_What you need to do:_ Nothing but a number should be given: the count of lines in the data that include the string "fracP".
#### Data for this task ####
(* Let $\mathbb{L}$ be an algebraically closed field, $a\in\mathbb{L}^{\times}$, $\Bbbk=\mathbb{L}(x)$ the field of rational functions, and $\sigma$ the automorphism of $\Bbbk$ which is the identity on $\mathbb{L}$ and sends $x\mapsto x+a$. Let $G_\sigma=\{\frac{r}{\sigma(r)}: r\in\Bbbk^\times\}$. Consider the group isomorphism $\mathbb{L}(x)^{\times}\to \mathbb{L}^{\times}\times \mathrm{Fsfun}(\mathbb{L},\mathbb{Z})$, $\alpha\mapsto (c_\alpha,\mathtt{m}_\alpha)$. Then the restriction of this isomorphism to $G_\sigma$ is an isomorphism of $G_\sigma$ onto $\{1\}\times\mathrm{Fsfun}_\sigma(\mathbb{L},\mathbb{Z})$; in other words, $\beta\mapsto \mathtt{m}_\beta$ defines a group isomorphism $G_\sigma\cong \mathrm{Fsfun}_\sigma(\mathbb{L},\mathbb{Z})$.
   Context: Every $\alpha\in\mathbb{L}(x)^{\times}$ can be uniquely written as $\alpha=c_\alpha\prod_{t\in\mathbb{L}}(x-t)^{\mathtt{m}_\alpha(t)}$ with $c_\alpha\in\mathbb{L}^{\times}$ and $\mathtt{m}_\alpha:\mathbb{L}\to\mathbb{Z}$ a function with finite support (i.e. $\mathtt{m}_\alpha(t)\neq 0$ for only finitely many $t$). $\mathrm{Fsfun}(\mathbb{L},\mathbb{Z})$ denotes the additive group of all functions $\mathbb{L}\to\mathbb{Z}$ with finite support, and $\mathrm{Fsfun}_\sigma(\mathbb{L},\mathbb{Z})$ denotes its subgroup of those $\mathtt{m}$ such that $\sum_{i\in\mathbb{Z}}\mathtt{m}(t+ia)=0$ for every $t\in\mathbb{L}$. *)

From HB Require Import structures.
From mathcomp Require Import all_boot all_order all_algebra.
From mathcomp Require Import generic_quotient fraction.
From mathcomp Require Import finmap.
From mathcomp Require Import boolp.
Set Implicit Arguments. Unset Strict Implicit. Unset Printing Implicit Defensive.
Import Order.TTheory GRing.Theory Num.Theory.
Local Open Scope ring_scope.

Notation ratfun L := {fraction {poly L}}.

Notation FsfunZ L := {fsfun L -> int for fun _ => 0%R}.

Notation tofrac := (@FracField.tofrac _).
Notation "x %:F" := (tofrac x) : ring_scope.

Section Defs.
Variable L : closedFieldType.

Definition sigma (a : L) (r : ratfun L) : ratfun L :=
  let pq := repr r in
  ((\n_pq \Po ('X + a%:P))%:F) / ((\d_pq \Po ('X + a%:P))%:F).

Definition Gsigma (a : L) (beta : ratfun L) : Prop :=
  exists r : ratfun L, r != 0 /\ beta = r / sigma a r.

(* alpha = c * prod_t (x - t)^(m t), with c in L^x and m finitely supported:
   i.e. (c, m) = (c_alpha, m_alpha). *)
Definition factorization (alpha : ratfun L) (c : L) (m : FsfunZ L) : Prop :=
  c != 0 /\
  alpha = (c%:P)%:F * \prod_(t <- finsupp m) ((('X - t%:P)%:F) ^ (m t)).

Definition in_orbit (a t s : L) : Prop := exists i : int, s = t + i%:~R * a.

Definition Fsfun_sigma (a : L) (m : FsfunZ L) : Prop :=
  forall t : L,
    \sum_(s <- finsupp m | `[< in_orbit a t s >]) m s = 0.

End Defs.

(** Write r = n/d with n and d split into linear factors over the algebraically
    closed field L.  Since sigma moves a root t of a polynomial to t - a, inside
    its orbit t + Za, the leading coefficients cancel in r/sigma(r) and every
    orbit carries as many zeros as poles of r/sigma(r), counted with
    multiplicity; so c = 1 and m sums to zero on each orbit.  Conversely, if m
    sums to zero on every orbit, pick a representative rho(t) in the orbit of
    each t: then prod_t (x - rho(t))^(m t) = 1, so
    beta = prod_t ((x - t)/(x - rho(t)))^(m t), and every
    (x - t)/(x - t - i a) is a telescoping product of the elements
    (x - s)/(x - s + a) = (x - s)/sigma(x - s) of G_sigma. *)

From Pilot Require Import Defs.
From HB Require Import structures.
From mathcomp Require Import all_boot all_order all_algebra.
From mathcomp Require Import generic_quotient fraction finmap boolp.
From mathcomp Require Import ring.
Set Implicit Arguments.
Unset Strict Implicit.
Unset Printing Implicit Defensive.
Import GRing.Theory.
Local Open Scope ring_scope.
Local Open Scope quotient_scope.

Lemma pi_ratio_mul_denom (R : idomainType) (r : {ratio R}) :
  \pi_{fraction R} r * (\d_r)%:F = (\n_r)%:F.
Proof.
unlock tofrac; rewrite -[_ * _](FracField.pi_mul r (Ratio \d_r 1)).
apply/eqmodP; rewrite /= FracField.equivfE /FracField.mulf.
have d0 := denom_ratioP r.
rewrite !numden_Ratio ?oner_eq0 ?mulf_neq0 ?oner_eq0 //.
by apply/eqP; ring.
Qed.

Lemma fracE {R : idomainType} (x : {fraction R}) :
  x = (\n_(repr x))%:F / (\d_(repr x))%:F.
Proof.
have d0 : \d_(repr x) != 0 by exact: denom_ratioP.
by rewrite -pi_ratio_mul_denom mulfK ?tofrac_eq0 // reprK.
Qed.

Lemma fracP {R : idomainType} (x : {fraction R}) :
  exists n d, d != 0 /\ x = n%:F / d%:F.
Proof.
by exists \n_(repr x), \d_(repr x); split; [exact: denom_ratioP | exact: fracE].
Qed.

Section RootsWithMultiplicity.
Variable T : eqType.

Definition roots_mult (S : seq T) (e : T -> nat) : seq T :=
  flatten [seq nseq (e t) t | t <- S].

Lemma count_roots_mult (P : pred T) S e :
  count P (roots_mult S e) = (\sum_(t <- S | P t) e t)%N.
Proof.
elim: S => [|t S IH]; first by rewrite big_nil.
rewrite /roots_mult /= count_cat count_nseq -/(roots_mult S e) IH big_cons.
by case: (P t); rewrite ?mul1n ?mul0n.
Qed.

Lemma prod_roots_mult (R : comNzRingType) (F : T -> R) S e :
  \prod_(z <- roots_mult S e) F z = \prod_(t <- S) F t ^+ e t.
Proof.
by rewrite big_flatten big_map; apply: eq_bigr => t _; rewrite big_nseq iter_mulr_1.
Qed.

End RootsWithMultiplicity.

Definition pos_part (k : int) : nat := if k is Posz n then n else 0.
Definition neg_part (k : int) : nat := if k is Negz n then n.+1 else 0.

Lemma pos_neg_partE (k : int) : k = (pos_part k)%:Z - (neg_part k)%:Z.
Proof. by case: k => n //=; rewrite ?subr0 // NegzE sub0r. Qed.

Lemma expfz_pos_neg_part (F : fieldType) (x : F) (k : int) :
  x ^ k = x ^+ pos_part k / x ^+ neg_part k.
Proof. by case: k => n /=; rewrite ?expr0 ?invr1 ?mulr1 ?mul1r. Qed.

Section LinearFactors.
Variable F : fieldType.

Local Notation PX s := (\prod_(z <- s) ('X - z%:P) : {poly F}).

Lemma mul_scale_prod_XsubC (c1 c2 : F) (s1 s2 : seq F) :
  (c1 *: PX s1) * (c2 *: PX s2) = (c1 * c2) *: PX (s1 ++ s2).
Proof. by rewrite big_cat -scalerAl -scalerAr scalerA. Qed.

Lemma tofrac_scale_div (c : F) (p q : {poly F}) :
  c != 0 -> (c *: p)%:F / (c *: q)%:F = p%:F / q%:F.
Proof.
move=> c0; rewrite -!mul_polyC !tofracM -mulf_div divff ?mul1r //.
by rewrite tofrac_eq0 polyC_eq0.
Qed.

Lemma prod_XsubC_frac_eq (c : F) (zs ps us vs : seq F) :
  (c *: PX zs)%:F / (PX ps)%:F = (PX us)%:F / (PX vs)%:F ->
  c = 1 /\ perm_eq (zs ++ vs) (us ++ ps).
Proof.
have PX0 s : (PX s)%:F != 0 by rewrite tofrac_eq0 monic_neq0 // monic_prod_XsubC.
move/eqP; rewrite eqr_div // -!tofracM tofrac_eq => /eqP E.
have {}E : c *: PX (zs ++ vs) = PX (us ++ ps) by rewrite !big_cat /= scalerAl.
have c1 : c = 1.
  have := congr1 lead_coef E.
  by rewrite lead_coefZ !(monicP (monic_prod_XsubC _ _ _)) mulr1.
by split=> //; apply: prod_XsubC_eq; rewrite -[PX (zs ++ vs)]scale1r -c1.
Qed.

End LinearFactors.

Section Factorization.
Variable L : closedFieldType.

Local Notation PX s := (\prod_(z <- s) ('X - z%:P) : {poly L}).

Definition zeros_of (m : FsfunZ L) : seq L :=
  @roots_mult L (finsupp m) (fun t => pos_part (m t)).
Definition poles_of (m : FsfunZ L) : seq L :=
  @roots_mult L (finsupp m) (fun t => neg_part (m t)).

Lemma factorization_frac beta c m : factorization beta c m ->
  beta = (c *: PX (zeros_of m))%:F / (PX (poles_of m))%:F.
Proof.
case=> _ ->; rewrite !prod_roots_mult -mul_polyC tofracM rmorph_prod -mulrA.
rewrite rmorph_prod -prodf_div; congr (_ * _); apply: eq_bigr => t _.
by rewrite !rmorphXn expfz_pos_neg_part.
Qed.

End Factorization.

Section ShiftAutomorphism.
Variables (L : closedFieldType) (a : L).

Local Notation shift p := (p \Po ('X + a%:P)).
Local Notation PX s := (\prod_(z <- s) ('X - z%:P) : {poly L}).
Local Notation X t := (('X - t%:P)%:F : ratfun L).

Lemma shift_eq0 (p : {poly L}) : (shift p == 0) = (p == 0).
Proof. by rewrite comp_poly2_eq0 // size_XaddC. Qed.

Lemma shift_prod_XsubC (s : seq L) : shift (PX s) = PX [seq z - a | z <- s].
Proof.
rewrite rmorph_prod big_map; apply: eq_bigr => z _ /=.
by rewrite comp_polyB comp_polyX comp_polyC polyCB; ring.
Qed.

Lemma sigma_frac (n d : {poly L}) : d != 0 ->
  sigma a (n%:F / d%:F) = (shift n)%:F / (shift d)%:F.
Proof.
move=> d0; rewrite /sigma; set r := repr _.
have dr0 : \d_r != 0 by exact: denom_ratioP.
have E : n * \d_r = \n_r * d.
  apply/eqP; rewrite -tofrac_eq !tofracM -eqr_div ?tofrac_eq0 //.
  exact/eqP/fracE.
apply/eqP; rewrite eqr_div ?tofrac_eq0 ?shift_eq0 //.
by rewrite -!tofracM -!comp_polyM E.
Qed.

Lemma sigma_tofrac (p : {poly L}) : sigma a p%:F = (shift p)%:F.
Proof.
have := @sigma_frac p 1 (oner_neq0 _).
by rewrite tofrac1 !divr1 comp_polyC tofrac1 divr1.
Qed.

Lemma sigma1 : sigma a 1 = 1.
Proof. by rewrite -tofrac1 sigma_tofrac rmorph1. Qed.

Lemma sigmaM (f g : ratfun L) : sigma a (f * g) = sigma a f * sigma a g.
Proof.
have [n1 [d1 [d10 ->]]] := fracP f; have [n2 [d2 [d20 ->]]] := fracP g.
rewrite mulf_div -!tofracM !sigma_frac ?mulf_neq0 //.
by rewrite mulf_div -!tofracM !comp_polyM.
Qed.

Lemma sigmaV (f : ratfun L) : sigma a f^-1 = (sigma a f)^-1.
Proof.
have [n [d [d0 ->]]] := fracP f.
have [->|n0] := eqVneq n 0.
  by rewrite tofrac0 mul0r invr0 -tofrac0 sigma_tofrac comp_poly0 tofrac0 invr0.
by rewrite invf_div !sigma_frac // invf_div.
Qed.

Lemma Gsigma1 : Gsigma a 1.
Proof. by exists 1; rewrite sigma1 divr1 oner_neq0. Qed.

Lemma GsigmaM x y : Gsigma a x -> Gsigma a y -> Gsigma a (x * y).
Proof.
move=> [r [r0 ->]] [s [s0 ->]]; exists (r * s).
by split; [exact: mulf_neq0 | rewrite sigmaM mulf_div].
Qed.

Lemma GsigmaV x : Gsigma a x -> Gsigma a x^-1.
Proof.
move=> [r [r0 ->]]; exists r^-1.
by rewrite invr_eq0 sigmaV invf_div invrK mulrC.
Qed.

Lemma GsigmaXz x (k : int) : Gsigma a x -> Gsigma a (x ^ k).
Proof.
move=> Gx; have GxX n : Gsigma a (x ^+ n).
  elim: n => [|n IH]; first by rewrite expr0; exact: Gsigma1.
  by rewrite exprS; exact: GsigmaM.
by case: k => n /=; [exact: GxX | exact/GsigmaV/GxX].
Qed.

Lemma Gsigma_prod (I : Type) (r : seq I) (P : pred I) (F : I -> ratfun L) :
  (forall i, P i -> Gsigma a (F i)) -> Gsigma a (\prod_(i <- r | P i) F i).
Proof. by move=> GF; apply: big_ind => //; [exact: Gsigma1 | exact: GsigmaM]. Qed.

Lemma Gsigma_XsubC_div_shift t : Gsigma a (X t / X (t - a)).
Proof.
exists (X t); split; first by rewrite tofrac_eq0 polyXsubC_eq0.
rewrite sigma_tofrac comp_polyB comp_polyX comp_polyC polyCB.
by congr (_ / _%:F); ring.
Qed.

Lemma Gsigma_XsubC_div_natshift t (j : nat) : Gsigma a (X t / X (t - j%:R * a)).
Proof.
have X0 s : X s != 0 by rewrite tofrac_eq0 polyXsubC_eq0.
elim: j => [|j IH]; first by rewrite mul0r subr0 divff //; exact: Gsigma1.
have -> : t - j.+1%:R * a = t - j%:R * a - a by rewrite mulrSr mulrDl mul1r opprD addrA.
rewrite -(divfK (X0 (t - j%:R * a)) (X t)) -[_ * _ / _]mulrA.
exact: GsigmaM IH (Gsigma_XsubC_div_shift _).
Qed.

Lemma in_orbit_refl t : Defs.in_orbit a t t.
Proof. by exists 0; rewrite mul0r addr0. Qed.

Lemma in_orbit_sym t s : Defs.in_orbit a t s -> Defs.in_orbit a s t.
Proof. by move=> [i ->]; exists (- i); rewrite mulrNz mulNr addrK. Qed.

Lemma in_orbit_trans t s u :
  Defs.in_orbit a t s -> Defs.in_orbit a s u -> Defs.in_orbit a t u.
Proof. by move=> [i ->] [j ->]; exists (i + j); rewrite intrD mulrDl addrA. Qed.

Lemma in_orbit_subr t s : Defs.in_orbit a t (s - a) <-> Defs.in_orbit a t s.
Proof.
split=> [[i Ei] | [i ->]].
  by exists (i + 1); rewrite intrD mulrDl mul1r addrA -Ei subrK.
by exists (i - 1); rewrite intrD mulrDl mulN1r addrA.
Qed.

Lemma Gsigma_XsubC_div_orbit t s : Defs.in_orbit a t s -> Gsigma a (X t / X s).
Proof.
case=> [[j|j] ->].
  have := Gsigma_XsubC_div_natshift (t + j%:R * a) j; rewrite addrK => /GsigmaV.
  by rewrite invf_div.
by rewrite NegzE mulrNz mulNr; exact: Gsigma_XsubC_div_natshift.
Qed.

Definition orbit_of t : pred L := fun s => `[< Defs.in_orbit a t s >].

Lemma count_orbit_of_subr t (s : seq L) :
  count (orbit_of t) [seq z - a | z <- s] = count (orbit_of t) s.
Proof.
by rewrite count_map; apply: eq_count => z; exact/asbool_equiv_eq/in_orbit_subr.
Qed.

Lemma Gsigma_prod_XsubC beta : Gsigma a beta ->
  exists sn sd : seq L,
    beta = (PX (sn ++ [seq z - a | z <- sd]))%:F / (PX (sd ++ [seq z - a | z <- sn]))%:F.
Proof.
move=> [r [r0 ->]]; have [n [d [d0 Er]]] := fracP r.
have n0 : n != 0 by apply: contraNneq r0 => n0; rewrite Er n0 tofrac0 mul0r.
have [sn En] := closed_field_poly_normal n; have [sd Ed] := closed_field_poly_normal d.
have lc0 : lead_coef d * lead_coef n != 0 by rewrite mulf_neq0 ?lead_coef_eq0.
move: (lead_coef n) (lead_coef d) En Ed lc0 => cn cd En Ed lc0.
exists sn, sd; rewrite Er sigma_frac // invf_div mulf_div -!tofracM.
rewrite En Ed !comp_polyZ !shift_prod_XsubC !mul_scale_prod_XsubC.
by rewrite [cn * cd]mulrC tofrac_scale_div.
Qed.

Lemma Fsfun_sigma_count m :
  (forall t, count (orbit_of t) (zeros_of m) = count (orbit_of t) (poles_of m)) ->
  Fsfun_sigma a m.
Proof.
move=> Hcount t; have := Hcount t; rewrite !count_roots_mult => /(congr1 Posz).
rewrite !(big_morph Posz PoszD (erefl 0%:Z)) => Esum.
rewrite (eq_bigr _ (fun s _ => pos_neg_partE (m s))) sumrB.
by apply/eqP; rewrite subr_eq0; apply/eqP.
Qed.

Lemma Gsigma_factorization beta c m :
  factorization beta c m -> Gsigma a beta -> c = 1 /\ Fsfun_sigma a m.
Proof.
move=> /factorization_frac -> /Gsigma_prod_XsubC [sn [sd]].
move=> /prod_XsubC_frac_eq [-> Hperm]; split=> //.
apply: Fsfun_sigma_count => t; have := permP Hperm (orbit_of t).
rewrite !count_cat !count_orbit_of_subr [in RHS]addnC [(count _ sn + _)%N]addnC.
exact: addIn.
Qed.

(* [xchoose] depends only on the predicate, so points of one orbit get the same
   representative. *)
Definition orbit_rep t : L :=
  xchoose (ex_intro (orbit_of t) t (asboolT (in_orbit_refl t))).

Lemma in_orbit_rep t : Defs.in_orbit a t (orbit_rep t).
Proof. exact/asboolP/(@xchooseP _ (orbit_of t)). Qed.

Lemma eq_orbit_rep t s : (orbit_rep t == orbit_rep s) = orbit_of t s.
Proof.
apply/eqP/asboolP => [Ets | Hts].
  have := in_orbit_sym (in_orbit_rep s); rewrite -Ets.
  exact: in_orbit_trans (in_orbit_rep t).
apply: eq_xchoose => u; apply: asbool_equiv_eq.
by split; [apply: in_orbit_trans (in_orbit_sym Hts) | apply: in_orbit_trans Hts].
Qed.

Lemma prod_orbit_rep_eq1 m : Fsfun_sigma a m ->
  \prod_(t <- finsupp m) X (orbit_rep t) ^ m t = 1.
Proof.
move=> Hm; rewrite (partition_big_imfset _ orbit_rep) big_seq.
rewrite big1 // => _ /imfsetP[t _ ->].
rewrite (eq_bigr (fun s => X (orbit_rep t) ^ m s)); last by move=> s /eqP ->.
have X0 : X (orbit_rep t) != 0 by rewrite tofrac_eq0 polyXsubC_eq0.
rewrite -(big_morph _ (fun i j => expfzDr i j X0) (expr0z _)).
have -> : \sum_(s <- finsupp m | orbit_rep s == orbit_rep t) m s = 0.
  by rewrite -[RHS](Hm t); apply: eq_bigl => s; rewrite eq_sym eq_orbit_rep.
exact: expr0z.
Qed.

Lemma Fsfun_sigma_Gsigma m : Fsfun_sigma a m ->
  Gsigma a (\prod_(t <- finsupp m) X t ^ m t).
Proof.
move=> Hm.
have -> : \prod_(t <- finsupp m) X t ^ m t =
    \prod_(t <- finsupp m) (X t / X (orbit_rep t)) ^ m t *
    \prod_(t <- finsupp m) X (orbit_rep t) ^ m t.
  rewrite -big_split; apply: eq_bigr => t _ /=.
  by rewrite -expfzMl divfK // tofrac_eq0 polyXsubC_eq0.
rewrite prod_orbit_rep_eq1 // mulr1; apply: Gsigma_prod => t _.
exact/GsigmaXz/Gsigma_XsubC_div_orbit/in_orbit_rep.
Qed.

End ShiftAutomorphism.

Theorem proposition4 (L : closedFieldType) (a : L) (ha : a != 0)
    (beta : ratfun L) (c : L) (m : FsfunZ L) :
  beta != 0 -> factorization beta c m ->
  (Gsigma a beta <-> (c = 1 /\ Fsfun_sigma a m)).
Proof.
move=> _ Hfact; split; first exact: Gsigma_factorization.
case=> c1 Hm; case: Hfact => _ ->; rewrite c1 polyC1 tofrac1 mul1r.
exact: Fsfun_sigma_Gsigma.
Qed.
####
_Result of this task:_ 4